[Exercise prompt]
Find and copy every line in the records that includes the string "eqVneq".

++++

Lemma det_rank1_update n (v : 'rV[R]_n) (mu : R) :
  \det (1%:M + (mu *: v^T) *m v) = 1 + mu * (v *m v^T) 0 0.
Proof.
set w := mu *: v^T.
have e1 : block_mx 1%:M (- v) w 1%:M
    = block_mx 1%:M 0 w 1%:M *m block_mx 1%:M (- v) 0 (1%:M + w *m v).
  rewrite mulmx_block ?mul1mx ?mul0mx ?mulmx1 ?mulmx0 ?addr0 ?add0r.
  by rewrite mulmxN addrCA addNr addr0.
have e2 : block_mx 1%:M (- v) w 1%:M
    = block_mx (1%:M + v *m w) (- v) 0 1%:M *m block_mx 1%:M 0 w 1%:M.
  rewrite mulmx_block ?mul1mx ?mul0mx ?mulmx1 ?mulmx0 ?addr0 ?add0r.
  by rewrite mulNmx addrK.
have := congr1 determinant e2; rewrite {1}e1 !det_mulmx det_lblock !det_ublock.
rewrite !det1 !mul1r !mulr1 => ->.
by rewrite det_mx11 /w -scalemxAr !mxE eqxx mulr1n.
Qed.

End PositiveDefinite.

Lemma lee_real_lt (R : realDomainType) (x y : \bar R) :
  (forall r : R, (r%:E < x)%E -> (r%:E < y)%E) -> (x <= y)%E.
Proof.
move=> h; rewrite leNgt; apply/negP => yx.
case: y yx h => [t| |] yx h.
- by have := h t yx; rewrite ltxx.
- by rewrite ltNge leey in yx.
- case: x yx h => [s| |] // _ h.
    by have := h (s - 1); rewrite lte_fin gtrBl ltr01 ltNge leNye => /(_ isT).
  by have := h 0 (ltry 0); rewrite ltNge leNye.
Qed.

Lemma expR_young (R : realType) (l c u : R) : 0 < l -> 0 < c ->
  l * u - c * expR (u - 1) <= l * ln (l / c).
Proof.
move=> l_gt0 c_gt0; have lc_gt0 : 0 < l / c by rewrite divr_gt0.
set x := u - 1 - ln (l / c).
have -> : c * expR (u - 1) = l * expR x.
  rewrite /x [in RHS]expRD expRN lnK ?posrE // invf_div.
  by field; rewrite gt_eqF.
have := ler_wpM2l (ltW l_gt0) (expR_ge1Dx x); rewrite /x; lra.
Qed.

Section Variational.
Variables (R : realType) (d : nat).
Hypothesis d_gt0 : (0 < d)%N.
Implicit Types (B P S : 'M[R]_d) (c u : R).

Definition ltr_fin B c S : R :=
  let l := lam1 B S in
  l * ln (l / c) - l + c - l / 2%:R * ln (\det (invmx B *m (l^-1 *: S))).

Definition ltr_at B c S : \bar R :=
  if pselect (pdmx S) then (ltr_fin B c S)%:E
  else if pselect (S = 0) then c%:E else +oo%E.

Definition ltr_minorant B c u P S : R :=
  let l := lam1 B S in
  u * l - c * expR (u - 1) - l + c
  + 2%:R^-1 * (d%:R * l - \tr (P *m S) + l * ln (\det (B *m P))).

Lemma lam1_gt0 B S : pdmx B -> psdmx S -> S != 0 -> 0 < lam1 B S.
Proof.
move=> hB hS S0; rewrite /lam1 pmulr_rgt0 ?invr_gt0 ?ltr0n // lt_def.
rewrite (mxtrace_mul_psdmx_ge0 (pdmx_inv hB) hS) andbT.
by apply: contra S0 => /eqP/(mxtrace_mul_psdmx_eq0 (pdmx_inv hB) hS) ->.
Qed.

Lemma lam1_gt0_pd B S : pdmx B -> pdmx S -> 0 < lam1 B S.
Proof. by move=> hB hS; apply: lam1_gt0 => //; [exact: pdmx_psdmx | exact: pdmx_neq0]. Qed.

Lemma ltr_minorant_comb B c u P S S' th :
  ltr_minorant B c u P (th *: S + (1 - th) *: S')
  = th * ltr_minorant B c u P S + (1 - th) * ltr_minorant B c u P S'.
Proof.
rewrite /ltr_minorant /lam1 !mulmxDr -!scalemxAr !mxtraceD !mxtraceZ; ring.
Qed.

Lemma ltr_minorant0 B c u P : ltr_minorant B c u P 0 = c - c * expR (u - 1).
Proof. by rewrite /ltr_minorant /lam1 !mulmx0 mxtrace0 !mulr0; ring. Qed.

Lemma ltr_minorant_inv B c S : pdmx B -> ltr_minorant B c 1 (invmx B) S = 0.
Proof.
move=> hB; rewrite /ltr_minorant mulmxV ?pdmx_unitmx // det1 ln1 subrr expR0.
by rewrite /lam1; field; rewrite pnatr_eq0 -lt0n.
Qed.

Lemma ltr_minorant_le_fin B c u P S : pdmx B -> 0 < c -> pdmx P -> pdmx S ->
  ltr_minorant B c u P S <= ltr_fin B c S.
Proof.
move=> hB c_gt0 hP hS; rewrite /ltr_minorant /ltr_fin; set l := lam1 B S.
have l_gt0 : 0 < l := lam1_gt0_pd hB hS.
set X := l^-1 *: S; have hX : pdmx X by apply: pdmxZ; rewrite ?invr_gt0.
have detB0 : \det B != 0 by rewrite gt_eqF ?pdmx_det_gt0.
have detE : \det (invmx B *m X) * \det (B *m P) = \det (P *m X).
  by rewrite !det_mulmx det_inv; field.
have lnE : ln (\det (invmx B *m X)) = ln (\det (P *m X)) - ln (\det (B *m P)).
  have := det_mul_pdmx_gt0 (pdmx_inv hB) hX; have := det_mul_pdmx_gt0 hB hP.
  by rewrite -detE => ? ?; rewrite lnM ?posrE // addrK.
have trE : \tr (P *m S) = l * \tr (P *m X).
  by rewrite -scalemxAr mxtraceZ mulrA mulfV ?gt_eqF ?mul1r.
have := expR_young u l_gt0 c_gt0.
have := ler_wpM2l (ltW l_gt0) (ln_det_mul_le hP hX).
rewrite lnE trE; lra.
Qed.

Lemma ltr_at_pd B c S : pdmx S -> ltr_at B c S = (ltr_fin B c S)%:E.
Proof. by rewrite /ltr_at; case: pselect. Qed.

Lemma ltr_at0 B c : ltr_at B c 0 = c%:E.
Proof.
rewrite /ltr_at; case: (pselect (pdmx (0 : 'M[R]_d))) => [pd0|npd0].
  by have := pdmx_neq0 d_gt0 pd0; rewrite eqxx.
by case: pselect.
Qed.

Lemma ltr_at_singular B c S : ~ pdmx S -> S != 0 -> ltr_at B c S = +oo%E.
Proof. by rewrite /ltr_at => ? /eqP ?; do 2 case: pselect => //. Qed.

Lemma ltr_minorant_le B c u P S : pdmx B -> 0 < c -> pdmx P ->
  ((ltr_minorant B c u P S)%:E <= ltr_at B c S)%E.
Proof.
move=> hB c_gt0 hP; have [hS|npdS] := pselect (pdmx S).
  by rewrite ltr_at_pd // lee_fin ltr_minorant_le_fin.
have [->|S0] := eqVneq S 0; last by rewrite ltr_at_singular ?leey.
by rewrite ltr_at0 ltr_minorant0 lee_fin gerBl mulr_ge0 ?expR_ge0 ?ltW.
Qed.

Lemma ltr_at_ge0 B c S : pdmx B -> 0 < c -> (0 <= ltr_at B c S)%E.
Proof.
move=> hB c_gt0; have := ltr_minorant_le 1 S hB c_gt0 (pdmx_inv hB).
by rewrite ltr_minorant_inv.
Qed.

Lemma ltr_minorant_opt B c S : pdmx B -> 0 < c -> pdmx S ->
  let l := lam1 B S in ltr_minorant B c (1 + ln (l / c)) (l *: invmx S) S = ltr_fin B c S.
Proof.
move=> hB c_gt0 hS l; have l_gt0 : 0 < l := lam1_gt0_pd hB hS.
have detE : \det (invmx B *m (l^-1 *: S)) = (\det (B *m (l *: invmx S)))^-1.
  have dB : \det B != 0 by rewrite gt_eqF ?pdmx_det_gt0.
  have dS : \det S != 0 by rewrite gt_eqF ?pdmx_det_gt0.
  rewrite !det_mulmx !detZ !det_inv exprVn; field.
  by rewrite dB dS expf_neq0 // gt_eqF.
have := det_mul_pdmx_gt0 hB (pdmxZ l_gt0 (pdmx_inv hS)).
rewrite /ltr_minorant /ltr_fin -/l detE => det_gt0; rewrite lnV ?posrE //.
rewrite [1 + _ - 1]addrAC subrr add0r lnK ?posrE ?divr_gt0 //.
rewrite -scalemxAl mulVmx ?pdmx_unitmx // mxtraceZ mxtrace1.
by field; rewrite gt_eqF.
Qed.

Lemma ltr_minorant_singular B c S (v : 'rV[R]_d) r : pdmx B -> psdmx S -> S != 0 ->
  v != 0 -> v *m S = 0 -> exists2 P, pdmx P & r < ltr_minorant B c 1 P S.
Proof.
move=> hB hS S0 v0 vS0; set l := lam1 B S; have l_gt0 : 0 < l := lam1_gt0 hB hS S0.
have s_gt0 := mul_row_tr_gt0 v0; set s := (v *m v^T) 0 0 in s_gt0.
set K := (2 * r - d%:R * l + \tr S) / l - ln (\det B).
(* Adding a multiple of v^T v to P leaves tr (P S) unchanged but inflates det (B P). *)
set P := 1%:M + ((expR K / s) *: v^T) *m v.
have trE : \tr (P *m S) = \tr S.
  by rewrite mulmxDl mul1mx mxtraceD -mulmxA vS0 mulmx0 mxtrace0 addr0.
have detE : \det (B *m P) = \det B * (1 + expR K).
  by rewrite det_mulmx det_rank1_update -/s divfK ?gt_eqF.
have K_lt : K < ln (1 + expR K).
  by rewrite -{1}(expRK K) ltr_ln ?posrE ?addr_gt0 ?expR_gt0 //; lra.
have lK : l * K = 2 * r - d%:R * l + \tr S - l * ln (\det B).
  by rewrite /K; field; rewrite gt_eqF.
exists P.
  by apply: pdmxD_psd; [exact: pdmx1 | apply: psdmx_rank1; rewrite divr_ge0 ?expR_ge0 ?ltW].
rewrite /ltr_minorant -/l subrr expR0 mulr1 mul1r trE detE.
rewrite lnM ?posrE ?pdmx_det_gt0 ?addr_gt0 ?expR_gt0 //.
have := K_lt; rewrite -(ltr_pM2l l_gt0); lra.
Qed.

Lemma ltr_at_sup_minorant B c S r : pdmx B -> 0 < c -> psdmx S -> (r%:E < ltr_at B c S)%E ->
  exists u P, pdmx P /\ r < ltr_minorant B c u P S.
Proof.
move=> hB c_gt0 hS; have [pdS|npdS] := pselect (pdmx S).
  rewrite ltr_at_pd // lte_fin -(ltr_minorant_opt hB c_gt0 pdS) => r_lt.
  exists (1 + ln (lam1 B S / c)), (lam1 B S *: invmx S); split => //.
  by apply: pdmxZ; [exact: lam1_gt0_pd | exact: pdmx_inv].
have [->|S0] := eqVneq S 0.
  rewrite ltr_at0 lte_fin => r_lt_c; set k := (c - r) / (2 * c).
  have k_gt0 : 0 < k by rewrite divr_gt0 ?subr_gt0 ?mulr_gt0.
  exists (1 + ln k), 1%:M; split; first exact: pdmx1.
  rewrite ltr_minorant0 [1 + _ - 1]addrAC subrr add0r lnK ?posrE //.
  have -> : c * k = (c - r) / 2 by rewrite /k; field; rewrite gt_eqF.
  lra.
have [v v0 vS0] := psdmx_singular hS npdS.
have [P hP r_lt] := ltr_minorant_singular c r hB hS S0 v0 vS0.
by exists 1, P.
Qed.

Lemma ltr_at_convex B c S S' th : pdmx B -> 0 < c -> psdmx S -> psdmx S' -> 0 <= th <= 1 ->
  (ltr_at B c (th *: S + (1 - th) *: S')
     <= th%:E * ltr_at B c S + (1 - th)%:E * ltr_at B c S')%E.
Proof.
move=> hB c_gt0 hS hS' /andP[th_ge0 th_le1].
have hC : psdmx (th *: S + (1 - th) *: S').
  by apply: psdmxD; apply: psdmxZ; rewrite ?subr_ge0.
apply: lee_real_lt => r /(ltr_at_sup_minorant hB c_gt0 hC) [u [P [hP r_lt]]].
apply: (@lt_le_trans _ _ (ltr_minorant B c u P (th *: S + (1 - th) *: S'))%:E).
  by rewrite lte_fin.
rewrite ltr_minorant_comb EFinD !EFinM.
by apply: leeD; apply: lee_wpmul2l; rewrite ?lee_fin ?subr_ge0 ?ltr_minorant_le.
Qed.

End Variational.

Section EntrywiseConvergence.
Variables (R : realType) (T : Type) (F : set_system T).
Hypothesis FF : Filter F.

Definition mx_cvg m n (f : T -> 'M[R]_(m, n)) (A : 'M[R]_(m, n)) :=
  forall i j, f q i j @[q --> F] --> A i j.

Lemma mx_cvgW m n (f : T -> 'M[R]_(m, n)) A : f @ F --> A -> mx_cvg f A.
Proof. by move=> f_cvg i j; apply: cvg_comp f_cvg (@coord_continuous R _ _ i j A). Qed.

Lemma mx_cvg_cst m n (A : 'M[R]_(m, n)) : mx_cvg (fun=> A) A.
Proof. by move=> i j; exact: cvg_cst. Qed.

Lemma cvg_sumr (I : Type) (r : seq I) (P : pred I) (g : I -> T -> R) (l : I -> R) :
  (forall i, P i -> g i q @[q --> F] --> l i) ->
  \sum_(i <- r | P i) g i q @[q --> F] --> \sum_(i <- r | P i) l i.
Proof. by move=> g_cvg; apply: cvg_big => //; exact: add_continuous. Qed.

Lemma cvg_prodr (I : Type) (r : seq I) (P : pred I) (g : I -> T -> R) (l : I -> R) :
  (forall i, P i -> g i q @[q --> F] --> l i) ->
  \prod_(i <- r | P i) g i q @[q --> F] --> \prod_(i <- r | P i) l i.
Proof. by move=> g_cvg; apply: cvg_big => //; exact: mul_continuous. Qed.

Lemma mx_cvg_mul m n p (f : T -> 'M[R]_(m, n)) (g : T -> 'M[R]_(n, p)) A B :
  mx_cvg f A -> mx_cvg g B -> mx_cvg (fun q => f q *m g q) (A *m B).
Proof.
move=> f_cvg g_cvg i j; rewrite mxE; under eq_cvg do rewrite mxE.
by apply: cvg_sumr => k _; apply: cvgM.
Qed.

Lemma cvg_mxtrace n (f : T -> 'M[R]_n) A : mx_cvg f A -> \tr (f q) @[q --> F] --> \tr A.
Proof. by move=> f_cvg; apply: cvg_sumr => i _; exact: f_cvg. Qed.

Lemma cvg_det n (f : T -> 'M[R]_n) A : mx_cvg f A -> \det (f q) @[q --> F] --> \det A.
Proof.
move=> f_cvg; apply: cvg_sumr => s _; apply: cvgM; first exact: cvg_cst.
by apply: cvg_prodr => i _; exact: f_cvg.
Qed.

++++

[Written answer]
have [->|S0] := eqVneq S 0; last by rewrite ltr_at_singular ?leey.
have [->|S0] := eqVneq S 0.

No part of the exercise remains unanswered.